Я видела одну мельком: нормальная миловидная женщина средних лет, тихая и терпеливая. Разумеется, обременённая работой и семьёй. Это она и устроила наш пакет, потому что были у неё разные опасения насчёт матери.

 

Во-первых, Бренда всё время играла в какие-то лотереи. Весь стол на кухне был завален вырезками, сулящими златые горы. Это бывает со стариками и, к сожалению, не всегда оно безобидно. Уж не знаю, как там дети Бренды урегулировали сию проблему: запретить матери тратить свои деньги они бы не сумели. Но освидетельствование здоровья и последующие юридические процедуры могут приостановить дальнейшие финансовые потери. Если, конечно, на то есть добрая воля со стороны престарелого родителя. Британия полна мрачных историй о старой маме, пустившей по ветру имущество.

Во-вторых Бренда рвалась «в пампасы». Причём, не одна – у неё был друг. Она ему регулярно звонила и беседовала с ним тихим интимным голосом. Она говорила, что готова убежать хоть сейчас, что дети пытаются запереть её в этом доме, а ей он не нужен, она может всё бросить и приехать... прям  сегодня...

Думаю, бедный старичок не раз уже приужахнулся... Хотя кто знает, может, ему нравилась такая драма.

К сожалению, артистическая натура Бренды не всегда ограничивалась планами. Она требовала действий – и Бренда в какой-то момент решила продать таки дом. За наличные – а что тут непонятного? Такая приятная семейная пара, из Польши. Им надо было срочно: чтобы уже осенью дети пошли в местную школу. Они и деньги привезли, в конверте. Все пять тысяч.

На этом месте Бренда начинала хмуриться – видимо, всё-таки дочери проявили бдительность, да и британская юридическая система не подкачала.

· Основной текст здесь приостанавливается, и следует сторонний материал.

Lemma walkn_small x y : exists2 n, n < #|T| & walkn e x y n.
Proof.
have /connectP[p hp ->] := e_connected x y.
have [q hq uq _] := shortenP hp.
exists (size q); last by apply/walknP; exists q.
by have := max_card (mem (x :: q)); rewrite (card_uniqP uq).
Qed.

Lemma has_walkn_small x y : has (walkn e x y) (iota 0 #|T|).
Proof.
have [n ltn w] := walkn_small x y.
by apply/hasP; exists n; rewrite // mem_iota.
Qed.

Lemma gdist_lt_card x y : gdist e x y < #|T|.
Proof. by have := has_walkn_small x y; rewrite has_find size_iota. Qed.

Lemma gdist_walkn x y : walkn e x y (gdist e x y).
Proof.
by have := nth_find 0 (has_walkn_small x y); rewrite nth_iota ?gdist_lt_card.
Qed.

Lemma gdist_min x y n : walkn e x y n -> gdist e x y <= n.
Proof.
move=> w; have [lt_n|] := ltnP n #|T|; last by have := gdist_lt_card x y; lia.
rewrite leqNgt; apply/negP => lt_n_d.
by have := before_find 0 lt_n_d; rewrite nth_iota // w.
Qed.

Lemma gdistxx x : gdist e x x = 0.
Proof. by apply/eqP; rewrite -leqn0 gdist_min //; apply/walknP; exists [::]. Qed.

Lemma gdist_eq0 x y : gdist e x y = 0 -> y = x.
Proof.
move=> d0; have /walknP[p [hs _ <-]] := gdist_walkn x y.
by move: hs; rewrite d0 => /size0nil ->.
Qed.

Lemma gdist_adj x y z : e y z -> gdist e x z <= (gdist e x y).+1.
Proof.
by move=> eyz; rewrite -addn1 gdist_min // (walkn_cat (gdist_walkn x y)) ?walkn1.
Qed.

Hypothesis e_sym : symmetric e.
Lemma line_quotient_cvg f fs c x y :
  (forall s t, is_derive s (1 : R) (f ^~ t) (fs s t)) -> jcont fs ->
  (fun h => h^-1 * (f (x + h) (y + c * h) - f x (y + c * h))) @ 0^' --> fs x y.
Proof.
move=> dfs cfs; apply/cvgrPdist_lt => e e0.
have [d d0 near_fs] := jcont_near x y cfs e0.
have c1 : 0 < 1 + `|c| by rewrite ltr_pwDl.
rewrite near_withinE; apply/nbhs_ballP.
exists (d / (1 + `|c|)); first by rewrite /= divr_gt0.
move=> h; rewrite /ball /= sub0r normrN ltr_pdivlMr // => hd hn0.
have [s sx ->] := MVT_dist x (x + h) (dfs ^~ (y + c * h)).
have hx : x + h - x = h by ring.
rewrite hx mulrCA mulVf // mulr1 in sx *.
have := normr_ge0 h; have := normr_ge0 c => c0 h0.
rewrite distrC; apply: near_fs; first by apply: (le_lt_trans sx); nra.
by rewrite (_ : y + c * h - y = c * h) ?normrM; [nra | ring].
Qed.

Lemma is_derive_along_line f fs ft c x y h0 :
  (forall s t, is_derive s (1 : R) (f ^~ t) (fs s t)) ->
  (forall s t, is_derive t (1 : R) (f s) (ft s t)) -> jcont fs ->
  is_derive h0 (1 : R) (fun h => f (x + h) (y + c * h))
    (fs (x + h0) (y + c * h0) + c * ft (x + h0) (y + c * h0)).
Proof.
move=> dfs dft cfs; apply/is_derive_quotientP => /=.
set x' := x + h0; set y' := y + c * h0.
pose k s := f x' (y' + c * s).
have -> : (fun h => h^-1 * (f (x + (h + h0)) (y + c * (h + h0)) - f x' y')) =
  (fun h => h^-1 * (f (x' + h) (y' + c * h) - f x' (y' + c * h)) +
            h^-1 * (k (h + 0) - k 0)).
  apply/funext => h; rewrite /k addr0 mulr0 addr0.
  have -> : x + (h + h0) = x' + h by rewrite /x'; ring.
  have -> : y + c * (h + h0) = y' + c * h by rewrite /y'; ring.
  by ring.
apply: cvgD; first exact: line_quotient_cvg.
apply/is_derive_quotientP; rewrite mulrC.
by apply: is_derive1_comp; [rewrite mulr0 addr0; exact: dft | exact: is_derive_affine].
Qed.

End two_variable_calculus.

Section Lebesgue_integrals_on_R.
Variable R : realType.
Local Notation mu := (@lebesgue_measure R).
Implicit Types (G : R -> R) (a b c : R).

Lemma continuous_measurable_EFin G (D : set R) :
  continuous G -> measurable_fun D (EFin \o G).
Proof.
move=> cG; apply/measurable_EFinP/measurable_funTS.
exact: continuous_measurable_fun.
Qed.

Lemma derive1_shift c : derive1 (shift c : R -> R) = cst 1.
Proof.
by apply/funext => x; rewrite derive1E; have [_ ->] := is_derive_shift x (1 : R) c.
Qed.

Lemma continuous_shift c : continuous (shift c : R -> R).
Proof.
move=> x; apply/differentiable_continuous/derivable1_diffP.
by have [] := is_derive_shift x (1 : R) c.
Qed.

Lemma integral_itv_shift G a b c : a <= b -> continuous G ->
  (\int[mu]_(x in `[a, b]) (G (x + c)%R)%:E =
   \int[mu]_(x in `[(a + c)%R, (b + c)%R]) (G x)%:E)%E.
Proof.
move=> ab cG.
rewrite (@integration_by_substitution_increasing R (shift c) G a b) //.
- by apply: eq_integral => x _; rewrite derive1_shift /= mulr1.
- by move=> x y _ _; rewrite ltrD2r.
- by rewrite derive1_shift => x _; exact: cst_continuous.
- by rewrite derive1_shift; exact: is_cvg_cst.
- by rewrite derive1_shift; exact: is_cvg_cst.
- split; last 2 first.
  + exact/cvg_at_right_filter/continuous_shift.
  + exact/cvg_at_left_filter/continuous_shift.
  by move=> x _; have [] := is_derive_shift x (1 : R) c.
- exact: continuous_subspaceT.
Qed.

Lemma ge0_integral_itvy_shift G a c : continuous G -> (forall x, 0 <= G x) ->
  (\int[mu]_(x in `[a, +oo[) (G (x + c)%R)%:E =
   \int[mu]_(x in `[(a + c)%R, +oo[) (G x)%:E)%E.
Proof.
move=> cG G0.
rewrite (@increasing_ge0_integration_by_substitutiony R (shift c) G a) //.
- by apply: eq_integral => x _; rewrite derive1_shift /= mulr1.
- by move=> x y _ _; rewrite ltrD2r.
- by rewrite derive1_shift => x _; exact: cst_continuous.
- by rewrite derive1_shift; exact: is_cvg_cst.
- by rewrite derive1_shift; exact: is_cvg_cst.
- split; last exact/cvg_at_right_filter/continuous_shift.
  by move=> x _; have [] := is_derive_shift x (1 : R) c.
- exact: cvg_addrr.
- exact: continuous_subspaceT.
Qed.
Lemma nearest_anc_in_image_exists (w : point Tg) : exists wa, nearest_anc_in_image a w wa.
Proof.
pose E t := forall s, 0 <= s < t -> ~ in_image a (shift w s).
have [t1 t10 Ht1] := image_meets_ray w.
have [t0 Hlub] : {t0 | is_lub E t0}.
  apply: completeness.
  - by exists t1 => t Et; apply: Rnot_lt_le => Ht; exact: Et t1 ltac:(lra) Ht1.
  - by exists 0 => s Hs; exfalso; lra.
have t00 : 0 <= t0 by apply: Hlub.1 => s Hs; exfalso; lra.
have above t : t0 < t -> in_image a (shift w t).
  move=> Ht; apply: NNPP => Hn.
  suff : t <= t0 by lra.
  by apply: Hlub.1 => s Hs /(in_image_shift (t' := t)) Hin; apply/Hn/Hin; lra.
exists (shift w t0); split; first exact: shift_succeq.
split=> [|z Hz Hzw]; first exact: image_ray_closed t00 above.
apply: (succeq_by_height (shift_succeq w t00) Hzw); rewrite shift_ht //.
apply: Rnot_lt_le => Hlt.
have [t [Et Ht]] := lub_approx (s := pt_h z - pt_h w) Hlub ltac:(lra).
apply: (Et (pt_h z - pt_h w)); first by have := Hzw.2; lra.
by rewrite (shift_eq Hzw) //; ring.
Qed.

End ContinuousShiftMap.

Lemma anc_in_image_within (Tf Tg : mtree) (a : point Tf -> point Tg) eps :
  0 <= eps -> good_map eps a ->
  forall w, exists y, [/\ in_image a y, succeq y w & pt_h y <= pt_h w + 2 * eps].
Proof.
move=> eps0 [Hc [Hr [_ Hcl]]] w.
have [wa Hwa] := nearest_anc_in_image_exists Hc Hr w.
have [Hwaw [Hwai Hmin]] := Hwa; exists wa; split => //.
have [Hw | Hw] := classic (in_image a w).
- by have := (Hmin w Hw (succeq_refl w)).2; lra.
- by have := Rle_abs (height wa - height w); have := Hcl w Hw wa Hwa; rewrite /height; lra.
Qed.

Lemma good_map_shift (Tf Tg : mtree) (a : point Tf -> point Tg) eps dl :
  0 <= eps -> 0 <= dl -> good_map eps a ->
  good_map (eps + dl) (fun v => shift (a v) dl).
Proof.
move=> eps0 dl0 Ha; have [Hc [Hr [Hb _]]] := Ha.
split; [|split; [|split]].
- move=> x e /(Hc x) [d [d0 Hd]]; exists d; split => // y /Hd.
  exact: tnear_shift.
- by move=> v; rewrite /height shift_ht //; move: (Hr v); rewrite /height; lra.
- move=> v1 v2; rewrite -!(map_shift Hc Hr) // => /Hb Hs.
  move=> u1 u2 /shift_to_eq <- /shift_to_eq <-.
  have E v : shift v (2 * (eps + dl)) = shift (shift (shift v dl) (2 * eps)) dl.
    by rewrite !shift_shift; try lra; congr shift; ring.
  by rewrite !E; apply: succeq_shift => //; apply: Hs; apply: shift_to_shift; lra.
- move=> w _ wa [Hwaw [_ Hmin]].
  have [y [[v <-] Hyw Hy]] := anc_in_image_within eps0 Ha w.
  have Hin : in_image (fun v => shift (a v) dl) (shift (a v) dl) by exists v.
  have := (Hmin _ Hin (succeq_trans (shift_succeq _ dl0) Hyw)).2.
  by rewrite /height shift_ht // Rabs_pos_eq; have := Hwaw.2; lra.
Qed.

Собственно, после этого мы и стали посещать Бренду.

 

Были у Бренды и другие посетители. Они приходили по двое: задушевного вида тётки, очень похожие на Свидетельниц Иеговы. Они, видимо, только начали обработку Бренды и, кажется, ещё прикидывали, стоит ли. Поэтому, не увидев привычных журналов с рекламным красавцем-Иисусом на обложке, я засомневалась. Тем более, тётки проходили мимо меня, не здороваясь, а я была уверена, что иеговисты всегда всех приветствуют и вообще охотно расширяют круг знакомств.

Так что я переписала номер машины, на которой приехали посетительницы, и отдала его в офис – пусть передадут детям, а те уж знают, что в таких случаях делать.  И, между прочим, они таки оказались Свидетелями Иеговы! И даже журналы потом принесли, хотя продолжали смотреть сквозь меня, такие странные. А Бренда им загадочно улыбалась, и обещала подумать насчёт прийти на собрание, и дом, конечно, сам по себе был очень заманчив: в таком можно тоже устроить meeting, c чтением священного текста, с чаем и бисквитами. Хотя мне почему-то не казалось, что это всё для Бренды так уж привлекательно.

 

А умерла она совершенно неожиданно, от разрыва аневризмы в брюшной полости. Джемма, не дозвонившись, увидела через замочную скважину Бренду, лежащую на полу в кухне. Когда дверь открыли, оказалось, что уже несколько часов как поздно. Внутреннее кровотечение – надеюсь, она просто потеряла сознание и сама не заметила... Хочется верить.

 

***

 

Деменция – это ж не обязательно неопрятный старик. Она бывает очень разной. Иногда и не сразу разберёшься, что к чему.

 

Перед тем, как поехать на обед, я заскакиваю в офис, и тут меня ловит Лина.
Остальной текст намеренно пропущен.